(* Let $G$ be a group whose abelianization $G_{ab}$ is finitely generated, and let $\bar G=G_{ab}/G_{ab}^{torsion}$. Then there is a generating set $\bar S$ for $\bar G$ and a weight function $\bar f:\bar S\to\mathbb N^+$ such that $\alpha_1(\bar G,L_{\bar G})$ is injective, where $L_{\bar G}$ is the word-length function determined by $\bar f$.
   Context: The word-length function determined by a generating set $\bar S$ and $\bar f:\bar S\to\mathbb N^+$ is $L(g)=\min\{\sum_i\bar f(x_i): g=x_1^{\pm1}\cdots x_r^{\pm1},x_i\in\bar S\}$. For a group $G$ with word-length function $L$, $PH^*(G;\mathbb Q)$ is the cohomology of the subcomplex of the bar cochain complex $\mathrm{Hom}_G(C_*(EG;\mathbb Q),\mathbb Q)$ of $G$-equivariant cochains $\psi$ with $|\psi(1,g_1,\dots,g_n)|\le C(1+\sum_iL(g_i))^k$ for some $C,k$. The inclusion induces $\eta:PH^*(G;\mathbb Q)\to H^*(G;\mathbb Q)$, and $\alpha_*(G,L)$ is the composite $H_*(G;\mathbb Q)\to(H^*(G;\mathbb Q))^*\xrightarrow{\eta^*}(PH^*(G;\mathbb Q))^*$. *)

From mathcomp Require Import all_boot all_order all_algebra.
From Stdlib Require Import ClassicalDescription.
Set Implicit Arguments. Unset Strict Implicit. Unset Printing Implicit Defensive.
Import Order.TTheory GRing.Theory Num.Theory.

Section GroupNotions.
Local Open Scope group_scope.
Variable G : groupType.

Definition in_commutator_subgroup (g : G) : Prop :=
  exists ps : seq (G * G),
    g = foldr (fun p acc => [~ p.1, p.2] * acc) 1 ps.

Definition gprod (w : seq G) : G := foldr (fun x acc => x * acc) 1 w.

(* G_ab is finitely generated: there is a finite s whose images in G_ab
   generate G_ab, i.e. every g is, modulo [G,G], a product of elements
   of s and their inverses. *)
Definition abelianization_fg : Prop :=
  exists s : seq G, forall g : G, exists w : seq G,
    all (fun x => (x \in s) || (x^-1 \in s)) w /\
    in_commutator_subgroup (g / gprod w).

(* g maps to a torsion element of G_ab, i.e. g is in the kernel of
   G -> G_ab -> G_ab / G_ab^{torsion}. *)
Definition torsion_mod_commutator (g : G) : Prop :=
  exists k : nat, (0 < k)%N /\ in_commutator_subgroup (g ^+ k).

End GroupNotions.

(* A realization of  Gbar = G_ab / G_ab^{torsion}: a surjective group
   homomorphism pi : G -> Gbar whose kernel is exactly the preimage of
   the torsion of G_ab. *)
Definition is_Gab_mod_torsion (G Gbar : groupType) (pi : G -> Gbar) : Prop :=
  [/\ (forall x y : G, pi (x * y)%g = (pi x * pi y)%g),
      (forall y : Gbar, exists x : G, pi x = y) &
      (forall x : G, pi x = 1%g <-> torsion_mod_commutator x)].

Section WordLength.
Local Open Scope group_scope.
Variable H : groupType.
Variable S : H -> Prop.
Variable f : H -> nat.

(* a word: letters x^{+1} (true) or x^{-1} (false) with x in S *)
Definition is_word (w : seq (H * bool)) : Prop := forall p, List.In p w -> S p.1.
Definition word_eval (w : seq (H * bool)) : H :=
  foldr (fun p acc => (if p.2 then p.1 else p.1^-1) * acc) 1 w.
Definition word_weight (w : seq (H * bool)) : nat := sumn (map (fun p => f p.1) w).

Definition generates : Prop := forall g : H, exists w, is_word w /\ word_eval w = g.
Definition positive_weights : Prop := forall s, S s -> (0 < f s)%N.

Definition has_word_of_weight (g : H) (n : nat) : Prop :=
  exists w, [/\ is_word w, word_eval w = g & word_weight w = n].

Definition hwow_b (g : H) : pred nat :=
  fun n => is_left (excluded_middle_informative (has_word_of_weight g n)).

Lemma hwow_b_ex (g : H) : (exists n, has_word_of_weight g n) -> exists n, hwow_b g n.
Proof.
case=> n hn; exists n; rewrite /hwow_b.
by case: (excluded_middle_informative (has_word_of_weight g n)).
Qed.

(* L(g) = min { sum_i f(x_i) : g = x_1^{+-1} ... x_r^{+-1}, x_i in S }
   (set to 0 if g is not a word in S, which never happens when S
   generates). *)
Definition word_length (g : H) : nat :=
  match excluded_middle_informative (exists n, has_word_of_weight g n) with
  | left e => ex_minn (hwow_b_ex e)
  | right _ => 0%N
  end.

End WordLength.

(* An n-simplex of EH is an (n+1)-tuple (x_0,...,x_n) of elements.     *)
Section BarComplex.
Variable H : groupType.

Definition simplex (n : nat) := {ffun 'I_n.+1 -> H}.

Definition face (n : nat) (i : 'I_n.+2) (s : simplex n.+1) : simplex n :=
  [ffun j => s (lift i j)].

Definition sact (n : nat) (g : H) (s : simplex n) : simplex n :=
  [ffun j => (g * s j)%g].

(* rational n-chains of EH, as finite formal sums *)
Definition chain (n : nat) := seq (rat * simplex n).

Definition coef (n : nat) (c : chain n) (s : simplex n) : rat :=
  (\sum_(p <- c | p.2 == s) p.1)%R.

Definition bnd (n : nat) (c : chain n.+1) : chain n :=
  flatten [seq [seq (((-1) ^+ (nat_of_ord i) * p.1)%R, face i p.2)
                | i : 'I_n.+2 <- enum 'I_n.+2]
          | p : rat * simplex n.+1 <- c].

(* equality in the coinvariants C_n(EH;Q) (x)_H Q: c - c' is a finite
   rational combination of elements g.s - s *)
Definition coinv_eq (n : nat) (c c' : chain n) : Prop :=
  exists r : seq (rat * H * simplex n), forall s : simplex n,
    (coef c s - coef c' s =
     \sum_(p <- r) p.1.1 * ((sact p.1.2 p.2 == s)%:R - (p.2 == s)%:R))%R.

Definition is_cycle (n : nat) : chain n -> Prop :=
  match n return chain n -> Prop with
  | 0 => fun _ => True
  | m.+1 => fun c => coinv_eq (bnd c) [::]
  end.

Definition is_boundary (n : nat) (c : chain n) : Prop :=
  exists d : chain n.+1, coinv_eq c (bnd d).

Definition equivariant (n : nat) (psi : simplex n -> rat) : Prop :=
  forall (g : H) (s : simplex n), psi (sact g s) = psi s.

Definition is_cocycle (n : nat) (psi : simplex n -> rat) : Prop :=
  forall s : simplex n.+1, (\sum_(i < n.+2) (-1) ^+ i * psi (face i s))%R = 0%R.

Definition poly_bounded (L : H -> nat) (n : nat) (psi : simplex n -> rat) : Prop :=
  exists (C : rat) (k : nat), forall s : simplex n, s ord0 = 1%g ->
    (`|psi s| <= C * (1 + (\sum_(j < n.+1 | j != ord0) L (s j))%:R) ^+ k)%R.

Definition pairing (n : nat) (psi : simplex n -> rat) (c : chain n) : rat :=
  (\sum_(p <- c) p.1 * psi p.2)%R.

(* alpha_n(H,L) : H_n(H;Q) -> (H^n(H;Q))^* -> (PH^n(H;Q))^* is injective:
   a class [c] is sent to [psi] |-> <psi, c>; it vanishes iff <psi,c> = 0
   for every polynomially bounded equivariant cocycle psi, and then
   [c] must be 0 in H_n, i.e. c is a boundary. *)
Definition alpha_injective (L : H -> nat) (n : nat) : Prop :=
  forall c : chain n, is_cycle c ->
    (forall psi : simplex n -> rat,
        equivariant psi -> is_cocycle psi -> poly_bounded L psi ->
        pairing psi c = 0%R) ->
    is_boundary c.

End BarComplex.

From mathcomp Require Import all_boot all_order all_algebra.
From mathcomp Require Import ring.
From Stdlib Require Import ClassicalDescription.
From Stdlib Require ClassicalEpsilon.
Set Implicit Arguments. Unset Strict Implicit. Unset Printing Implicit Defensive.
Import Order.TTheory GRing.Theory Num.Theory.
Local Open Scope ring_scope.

● ● ● ● ●

### Activity
Reproduce only the lines above, starting at the line with "all (fun x =>" and ending at the line with "the torsion of G_ab. *)", exactly as written.

### Worked solution
    all (fun x => (x \in s) || (x^-1 \in s)) w /\
    in_commutator_subgroup (g / gprod w).

(* g maps to a torsion element of G_ab, i.e. g is in the kernel of
   G -> G_ab -> G_ab / G_ab^{torsion}. *)
Definition torsion_mod_commutator (g : G) : Prop :=
  exists k : nat, (0 < k)%N /\ in_commutator_subgroup (g ^+ k).

End GroupNotions.

(* A realization of  Gbar = G_ab / G_ab^{torsion}: a surjective group
   homomorphism pi : G -> Gbar whose kernel is exactly the preimage of
   the torsion of G_ab. *)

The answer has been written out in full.